London Cab Drivers Club, known as LCDC, is a British mutual society, formed in 1989, registered under the Industrial and Provident Societies Act.

The group, aims to promote the rights of taxi drivers, lobby against "unfair legislation" and provides legal advice and protection to its members. Although members pay a membership fee, the LCDC does not operate with a view to profit.

History[edit]

The London Cab Drivers Club was founded in 1989, as the MetroCab Club, to represent the interests of the pioneer MetroCab owners. However, in later years, the LCDC expanded to include owners of TXII's, TX1's, FX4's and Fairways as well. Jim Wells was the Chairman of the highly successful Metrocab Club. The club was formed to sort out early teething problems to the newly manufactured Metrocab. The magazine was produced called The Metrocab News. With increasing problems from the unlicensed trade, drivers were urging the club to get involved with fighting off the enemy. The London Cab Drivers Club was formed. The Badge magazine was their rag.
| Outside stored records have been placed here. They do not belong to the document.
(* Let $L$ be a finite dimensional simple Lie algebra over $\mathbb{C}$ with Cartan subalgebra $\eta$. Let $f:L\times L\to L$ be a biderivation of $L$ and let $\phi,\psi:L\to L$ be linear maps such that $f(x,y)=[\phi(x),y]=[x,\psi(y)]$ for all $x,y\in L$. Then $\phi(h)\in\eta$ and $\psi(h)\in\eta$ for every $h\in\eta$.
   Context: A biderivation of a Lie algebra $L$ is a bilinear map $f:L\times L\to L$ such that $f([x,y],z)=[x,f(y,z)]+[f(x,z),y]$ and $f(x,[y,z])=[f(x,y),z]+[y,f(x,z)]$ for all $x,y,z\in L$. *)

From mathcomp Require Import all_boot all_algebra.
From mathcomp Require Import Rstruct complex.
Set Implicit Arguments. Unset Strict Implicit. Unset Printing Implicit Defensive.
Import GRing.Theory.
Local Open Scope ring_scope.

Definition Cfield : fieldType := (Rdefinitions.R)[i].

Section Lie.
Variables (F : fieldType) (V : vectType F) (br : V -> V -> V).

Definition is_linear_map (g : V -> V) : Prop :=
  forall (a : F) (x y : V), g (a *: x + y) = a *: g x + g y.

Definition is_bilinear (g : V -> V -> V) : Prop :=
  (forall (a : F) (x y z : V), g (a *: x + y) z = a *: g x z + g y z) /\
  (forall (a : F) (x y z : V), g x (a *: y + z) = a *: g x y + g x z).

Definition is_lie_bracket : Prop :=
  [/\ is_bilinear br,
      (forall x, br x x = 0) &
      (forall x y z, br x (br y z) + br y (br z x) + br z (br x y) = 0)].

Definition lie_subalgebra (H : {vspace V}) : Prop :=
  forall x y, x \in H -> y \in H -> br x y \in H.

Definition lie_ideal (I : {vspace V}) : Prop :=
  forall x y, y \in I -> br x y \in I.

Definition simple_lie : Prop :=
  (exists x y, br x y != 0) /\
  (forall I : {vspace V}, lie_ideal I -> I = 0%VS \/ I = fullv).

(* Nilpotent subalgebra: some term C^n H of the lower central series vanishes,
   i.e. all iterated brackets [x1,[x2,...,[xn,y]...]] with xi, y in H are 0. *)
Definition lie_nilpotent (H : {vspace V}) : Prop :=
  exists n : nat, forall (s : seq V) (y : V),
    size s = n -> all (fun x => x \in H) s -> y \in H ->
    foldr br y s = 0.

Definition cartan_subalgebra (H : {vspace V}) : Prop :=
  [/\ lie_subalgebra H, lie_nilpotent H &
      (forall x, (forall h, h \in H -> br x h \in H) -> x \in H)].

Definition biderivation (f : V -> V -> V) : Prop :=
  [/\ is_bilinear f,
      (forall x y z, f (br x y) z = br x (f y z) + br (f x z) y) &
      (forall x y z, f x (br y z) = br (f x y) z + br y (f x z))].

End Lie.

From HB Require Import structures.
From mathcomp Require Import all_boot all_algebra.
From mathcomp Require Import Rstruct complex zify.
From Stdlib Require Import Classical.
Set Implicit Arguments. Unset Strict Implicit. Unset Printing Implicit Defensive.
Import GRing.Theory Num.Theory passmx.
Local Open Scope ring_scope.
In 2009, the chairman was Grant Davis and the club had about 1500 members. An issue for the organisation at this time was the increasing competition from mini-cabs.[1]

Publications[edit]

LCDC publish a free newspaper called The Badge, which highlights articles of interest to taxi drivers and updates LCDC Members on the club's activities. The paper regularly features a guest column from BBC London 94.9 FM Drivetime co-host Eddie Nestor.